**WORK REQUIRED**
Pick every line from the data that holds the word "tauQ".

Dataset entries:
Lemma fq_range (V : {set T}) : (V \subset f @: setT) = (i \notin V).
Proof.
apply/subsetP/idP => [Vf | iV x xV].
  apply/negP => /Vf /imsetP[x _]; case: (eqVneq x i) => [->|xi].
    by rewrite /fq eqxx => /eqP; rewrite (negbTE i_nn).
  by rewrite fq_id // => iE; rewrite iE eqxx in xi.
have xi : x != i by apply: contraNneq iV => <-.
by apply/imsetP; exists x; rewrite ?fq_id.
Qed.

Lemma card_setD1_swap (P : {set T}) : (i \in P) = (nn \in P) -> #|P :\ i| = #|P :\ nn|.
Proof. by move=> iP; have := cardsD1 i P; rewrite (cardsD1 nn P) iP => /addnI. Qed.

(* Open sets of Q^i are the images of the open sets of T containing both or
   neither of i and n. *)
Lemma NqE :
  Nq nn tau k i = #|[set P in new_ksystems nn tau k | (i \in P) == (nn \in P)]|.
Proof.
have fi : f i = nn by rewrite /fq eqxx.
have fnn : f nn = nn by rewrite fq_id // eq_sym.
rewrite /Nq -(card_in_imset (f := fun V : {set T} => f @^-1: V)); last first.
  move=> V1 V2; rewrite !inE /quot_open !fq_range.
  move=> /andP[/andP[/andP[iV1 _] _] _] /andP[/andP[/andP[iV2 _] _] _] /setP E.
  apply/setP => x; case: (eqVneq x i) => [->|xi]; first by rewrite (negbTE iV1) (negbTE iV2).
  by have := E x; rewrite !inE fq_id.
apply: eq_card => P; apply/imsetP/idP => [[V]|].
  by rewrite !inE => /andP[_ NK] ->; rewrite NK !inE fi fnn eqxx.
rewrite !inE => /andP[NK /eqP iP].
have PE : f @^-1: (P :\ i) = P.
  apply/setP => x; rewrite !inE; case: (eqVneq x i) => [->|xi]; last by rewrite fq_id // xi.
  by rewrite fi iP eq_sym i_nn.
exists (P :\ i) => //.
rewrite !inE /quot_open fq_range !inE eqxx /= PE NK andbT card_setD1_swap //.
by case/andP: NK => /andP[-> ->].
Qed.

End Quotient.

Section Stage.
Variables (T : finType) (nn : T) (tau : {set {set T}}) (k : nat).
Hypothesis top : is_topology tau.

Local Notation star := (star tau).
Local Notation Old := (old_pts nn tau k).
Local Notation New := (new_pts nn tau k).
Local Notation NS := (new_ksystems nn tau k).
Implicit Types (a p : T) (P Q U : {set T}).

Lemma star_open a : star a \in tau.
Proof.
have [tau0 tauT _ tauI] := top.
by apply: (big_ind (fun U : {set T} => U \in tau)) => // U /andP[].
Qed.

Lemma mem_star a : a \in star a.
Proof. by apply/bigcapP => U /andP[]. Qed.

Lemma star_min a U : U \in tau -> a \in U -> star a \subset U.
Proof. by move=> tauU aU; apply: bigcap_inf; rewrite tauU aU. Qed.

Lemma open_star_setD1 p : p != nn -> (star p :\ nn \in tau) = (nn \notin star p).
Proof.
move=> p_nn; case: (boolP (nn \in star p)) => nS; last by rewrite setD1_notin ?star_open.
have pD : p \in star p :\ nn by rewrite !inE p_nn mem_star.
by apply/negP => /star_min /(_ pD) /subsetP /(_ nn nS); rewrite !inE eqxx.
Qed.

Lemma card_star_le P p : P \in tau -> p \in P -> #|star p :\ nn| <= #|P :\ nn|.
Proof. by move=> tauP pP; apply/subset_leq_card/setSD/star_min. Qed.

Lemma old_ptsP a : reflect (a != nn /\ #|star a :\ nn| < k) (a \in Old).
Proof.
rewrite inE; apply: (iffP andP) => [[a_nn /existsP[m /andP[_ /eqP ->]]]|[a_nn lt_k]].
  by split => //; rewrite ltn_ord.
by split => //; apply/existsP; exists (Ordinal lt_k); rewrite /msystem star_open eqxx.
Qed.

Lemma new_ptsP a : reflect (a != nn /\ #|star a :\ nn| = k) (a \in New).
Proof. by rewrite inE /msystem star_open; apply: (iffP andP) => -[? /eqP]. Qed.

Lemma new_pts_notin_old p : p \in New -> p \notin Old.
Proof. by case/new_ptsP => _ pk; apply/negP => /old_ptsP[_]; rewrite pk ltnn. Qed.

Lemma msystem_old_or_new P p :
  msystem nn tau k P -> p \in P -> p != nn -> (p \in Old) || (p \in New).
Proof.
case/andP => tauP /eqP Pk pP p_nn; have := card_star_le tauP pP.
by rewrite Pk leq_eqVlt => /orP[/eqP|] ?; apply/orP; [right; apply/new_ptsP | left; apply/old_ptsP].
Qed.

Lemma new_ksysP P : (P \in NS) = msystem nn tau k P && [exists p in P, p \in New].
Proof.
rewrite inE /new_ksys; case msP: (msystem _ _ _ _) => //=.
apply/existsP/existsP => -[p] => [/and3P[pP p_nn /forallP notold] | /andP[pP pN]]; exists p.
  rewrite pP; have /orP[/old_ptsP[_ lt_k]|//] := msystem_old_or_new msP pP p_nn.
    have := notold (star p); rewrite star_open mem_star /= => /existsP; case.
    by exists (Ordinal lt_k); rewrite /msystem star_open eqxx.
have [p_nn pk] := new_ptsP _ pN.
rewrite pP p_nn; apply/forallP => Q; apply/implyP => tauQ; apply/implyP => pQ.
apply/existsP => -[m /andP[_ /eqP Qm]].
by have := card_star_le tauQ pQ; rewrite pk Qm leqNgt ltn_ord.
Qed.

Lemma new_ksys_msystem P : P \in NS -> msystem nn tau k P.
Proof. by rewrite new_ksysP => /andP[]. Qed.

Lemma new_ksys_new_pt P : P \in NS -> exists2 p, p \in New & p \in P.
Proof. by rewrite new_ksysP => /andP[_ /existsP[p /andP[pP pN]]]; exists p. Qed.

Lemma mem_new_ksys_through p P : p \in New ->
  (P \in NS) && (p \in P) = (P \in tau) && ((P == star p) || (P == nn |: star p)).
Proof.
move=> pN; have [p_nn pk] := new_ptsP _ pN.
apply/idP/idP => [/andP[NSP pP] | /andP[tauP PE]].
  have /andP[tauP /eqP Pk] := new_ksys_msystem NSP.
  have : P :\ nn == star p :\ nn by rewrite eq_sym eqEcard setSD ?star_min //= Pk pk.
  rewrite tauP eq_setD1E => /orP[/eqP PE|->]; last by rewrite orbT.
  by move: tauP; rewrite PE open_star_setD1 // => /setD1_notin ->; rewrite eqxx.
have pP : p \in P by case/orP: PE => /eqP->; rewrite ?inE mem_star ?orbT.
rewrite new_ksysP /msystem tauP pP andbT /=.
have -> : P :\ nn = star p :\ nn.
  by case/orP: PE => /eqP-> //; apply/setP => x; rewrite !inE; case: eqP.
rewrite pk eqxx /=.
by apply/existsP; exists p; rewrite pP pN.
Qed.

Definition new_side (b : bool) : {set {set T}} := [set P in NS | (nn \in P) == b].

Lemma in_new_side b P : (P \in new_side b) = (P \in NS) && ((nn \in P) == b).
Proof. by rewrite [LHS]inE. Qed.

Lemma new_side_open b P : P \in new_side b -> P \in tau.
Proof. by rewrite in_new_side => /andP[/new_ksys_msystem/andP[]]. Qed.

Lemma new_ksys_sides : NS = new_side false :|: new_side true.
Proof. by apply/setP => P; rewrite !inE; case: (nn \in P); rewrite /= ?andbT ?andbF ?orbF. Qed.

Lemma new_upper_star P : P \in new_side false -> exists2 p, p \in New & P = star p.
Proof.
rewrite inE eqbF_neg => /andP[NSP nP]; have [p pN pP] := new_ksys_new_pt NSP.
exists p => //; move: (mem_new_ksys_through P pN); rewrite NSP pP.
by case/esym/andP => _ /orP[/eqP //|/eqP PE]; rewrite PE setU11 in nP.
Qed.

Lemma new_lower_star P : P \in new_side true -> exists2 p, p \in New & P = nn |: star p.
Proof.
rewrite inE eqb_id => /andP[NSP nP]; have [p pN pP] := new_ksys_new_pt NSP.
exists p => //; move: (mem_new_ksys_through P pN); rewrite NSP pP.
by case/esym/andP => _ /orP[/eqP PE|/eqP //]; rewrite -PE setU1_in.
Qed.

Lemma new_upper_through p : p \in New ->
  [set P in new_side false | p \in P] = [set P in [set star p] | nn \notin P].
Proof.
move=> pN; apply/setP => P.
rewrite [in LHS]inE in_new_side eqbF_neg andbAC mem_new_ksys_through // [in RHS]inE in_set1.
case: (eqVneq P (star p)) => [->|_]; first by rewrite star_open.
by case: (eqVneq P (nn |: star p)) => [->|_]; rewrite ?setU11 ?andbF.
Qed.

Lemma new_lower_through p : p \in New ->
  [set P in new_side true | p \in P] = [set P in [set nn |: star p] | P \in tau].
Proof.
move=> pN; apply/setP => P.
rewrite [in LHS]inE in_new_side eqb_id andbAC mem_new_ksys_through // [in RHS]inE in_set1.
case: (eqVneq P (nn |: star p)) => [->|Pn]; first by rewrite setU11 orbT !andbT.
case: (eqVneq P (star p)) => [PE|]; rewrite ?andbF //; move: Pn; rewrite -PE.
by case: (boolP (nn \in P)) => [/setU1_in -> | _]; rewrite ?eqxx ?andbF.
Qed.

Lemma card_new_upper_through p : p \in New ->
  #|[set P in new_side false | p \in P]| = (nn \notin star p).
Proof. by move=> pN; rewrite new_upper_through // card_set1_sep. Qed.

Lemma card_new_lower_through p : p \in New ->
  #|[set P in new_side true | p \in P]| = (nn |: star p \in tau).
Proof. by move=> pN; rewrite new_lower_through // card_set1_sep. Qed.

Lemma new_ksys_parts P : P \in NS ->
  P :&: New != set0 /\ P :&: Old :|: P :&: New = P :\ nn.
Proof.
move=> NSP; split.
  by have [p pN pP] := new_ksys_new_pt NSP; apply/set0Pn; exists p; rewrite inE pP.
have nnO : nn \notin Old by apply/negP => /old_ptsP[/eqP].
have nnN : nn \notin New by apply/negP => /new_ptsP[/eqP].
apply/setP => x; rewrite in_setD1 in_setU !in_setI -andb_orr; case: (eqVneq x nn) => [->|x_nn] /=.
  by rewrite (negbTE nnO) (negbTE nnN) andbF.
case: (boolP (x \in P)) => //= xP; exact: msystem_old_or_new (new_ksys_msystem NSP) xP x_nn.
Qed.

Lemma new_side_parts b m : #|new_side b| = m ->
  exists A R : 'I_m -> {set T},
  [/\ forall j, A j \subset Old /\ R j \subset New /\ R j != set0,
      injective (fun j => A j :|: R j),
      new_side b = [set (if b then nn |: (A j :|: R j) else A j :|: R j) | j in 'I_m] &
      forall p, p \in New -> #|[set j | p \in R j]| = #|[set P in new_side b | p \in P]|].
Proof.
move=> /enum_setP[f f_inj fE].
have f_side j : f j \in new_side b by rewrite -fE imset_f.
have f_parts j : f j :&: New != set0 /\ f j :&: Old :|: f j :&: New = f j :\ nn.
  by apply: new_ksys_parts; move: (f_side j); rewrite in_new_side => /andP[].
have glue j : (if b then nn |: (f j :\ nn) else f j :\ nn) = f j.
  move: (f_side j); rewrite in_new_side => /andP[_ /eqP <-].
  by case: ifP => [/setD1K | /negbT/setD1_notin].
exists (fun j => f j :&: Old), (fun j => f j :&: New); split.
- by move=> j; rewrite !subsetIr (f_parts j).1.
- move=> j1 j2 /=; rewrite (f_parts j1).2 (f_parts j2).2 => E.
  by apply: f_inj; rewrite -[f j1]glue -[f j2]glue E.
- by rewrite -fE; apply: eq_imset => j; rewrite (f_parts j).2 glue.
move=> p pN; rewrite -fE -(card_imset [set j | p \in f j :&: New] f_inj).
apply: eq_card => P; rewrite inE; apply/imsetP/andP => [[j] | [/imsetP[j _ ->]]].
  by rewrite inE in_setI pN andbT => pf ->; rewrite imset_f.
by exists j; rewrite // inE in_setI pN andbT.
Qed.

Lemma Nq_not_new i : i != nn -> i \notin Old -> i \notin New ->
  Nq nn tau k i = #|new_side false|.
Proof.
move=> i_nn iO iN; rewrite NqE //; apply: eq_card => P; rewrite inE in_new_side.
case: (boolP (P \in NS)) => //= NSP; rewrite eq_sym.
suff /negbTE -> : i \notin P by [].
apply: contraNN iO => iP.
by have := msystem_old_or_new (new_ksys_msystem NSP) iP i_nn; rewrite (negbTE iN) orbF.
Qed.

Lemma Nq_new p : p \in New ->
  Nq nn tau k p + (nn \notin star p) = #|new_side false| + (nn |: star p \in tau).
Proof.
move=> pN; have [p_nn _] := new_ptsP _ pN.
rewrite NqE // -card_new_upper_through // -card_new_lower_through //.
set C := [set P in NS | _]; set SU := [set P in new_side false | _].
set SL := [set P in new_side true | _].
have CSU : C :&: SU = set0.
  by apply/setP => P; rewrite !inE; case: (p \in P); case: (nn \in P); rewrite ?andbF.
have SLU : SL :&: new_side false = set0.
  by apply/setP => P; rewrite !inE; case: (nn \in P); rewrite ?andbF.
have CSL : C :|: SU = SL :|: new_side false.
  apply/setP => P; rewrite !inE.
  by case: (p \in P); case: (nn \in P); rewrite /= ?andbF ?andbT ?orbF.
have := cardsUI C SU; have := cardsUI SL (new_side false).
by rewrite CSU SLU CSL cards0 !addn0 addnC => -> ->.
Qed.

Lemma star_new_ksys p : p \in New -> star p \in NS.
Proof.
by move=> pN; have := mem_new_ksys_through (star p) pN; rewrite star_open eqxx => /andP[].
Qed.

Lemma setU1_star_new_ksys p : p \in New -> nn |: star p \in tau -> nn |: star p \in NS.
Proof.
move=> pN tauS; have := mem_new_ksys_through (nn |: star p) pN.
by rewrite tauS eqxx orbT => /andP[].
Qed.

Lemma nonpaired_star p : p \in New ->
  nonpaired nn tau k (star p) = (nn \in star p) || (nn |: star p \notin tau).
Proof.
move=> pN; have [p_nn pk] := new_ptsP _ pN.
rewrite /nonpaired /paired /msystem star_open pk eqxx /=.
by case: ifP => nS; rewrite ?open_star_setD1 ?nS.
Qed.

Lemma new_point_types s :
  Iset nn tau k != set0 -> {in Iset nn tau k, forall i, Nq nn tau k i = s} ->
  [\/ [/\ s.+1 = #|new_side false|, Iset nn tau k = New &
         {in New, forall p, (nn \notin star p) && (nn |: star p \notin tau)}],
      s = #|new_side false| /\
        {in New, forall p, (nn \notin star p) && (nn |: star p \in tau)} |
      {in New, forall p, nn \in star p}].
Proof.
move=> /set0Pn[i0 i0I] NqI.
have New_I p : p \in New -> p \in Iset nn tau k.
  by move=> pN; rewrite inE (new_pts_notin_old pN) andbT; case/new_ptsP: pN.
have new_count p : p \in New ->
    s + (nn \notin star p) = #|new_side false| + (nn |: star p \in tau).
  by move=> pN; rewrite -(NqI p (New_I p pN)) Nq_new.
have other_count i : i \in Iset nn tau k -> i \notin New -> s = #|new_side false|.
  move=> iI iN; rewrite -(NqI i iI); move: iI; rewrite inE => /andP[i_nn iO].
  exact: Nq_not_new.
have star_nn p : nn \in star p -> nn |: star p \in tau by move/setU1_in ->; exact: star_open.
case: (ltngtP s #|new_side false|) => [lt_s | gt_s | eq_s].
- have IN : Iset nn tau k = New.
    apply/setP => i; apply/idP/idP => [iI | /New_I //].
    by apply: contraLR lt_s => /(other_count i iI) ->; rewrite ltnn.
  have i0N : i0 \in New by rewrite -IN.
  by constructor 1; split => // [|p /new_count]; move: (new_count i0 i0N); lia.
- constructor 3 => p pN; have := new_count p pN; have := star_nn p; lia.
- constructor 2; split => // p pN; have := new_count p pN; have := star_nn p; lia.
Qed.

**ANSWER FOR THIS EXERCISE**
rewrite pP p_nn; apply/forallP => Q; apply/implyP => tauQ; apply/implyP => pQ.
by have := card_star_le tauQ pQ; rewrite pk Qm leqNgt ltn_ord.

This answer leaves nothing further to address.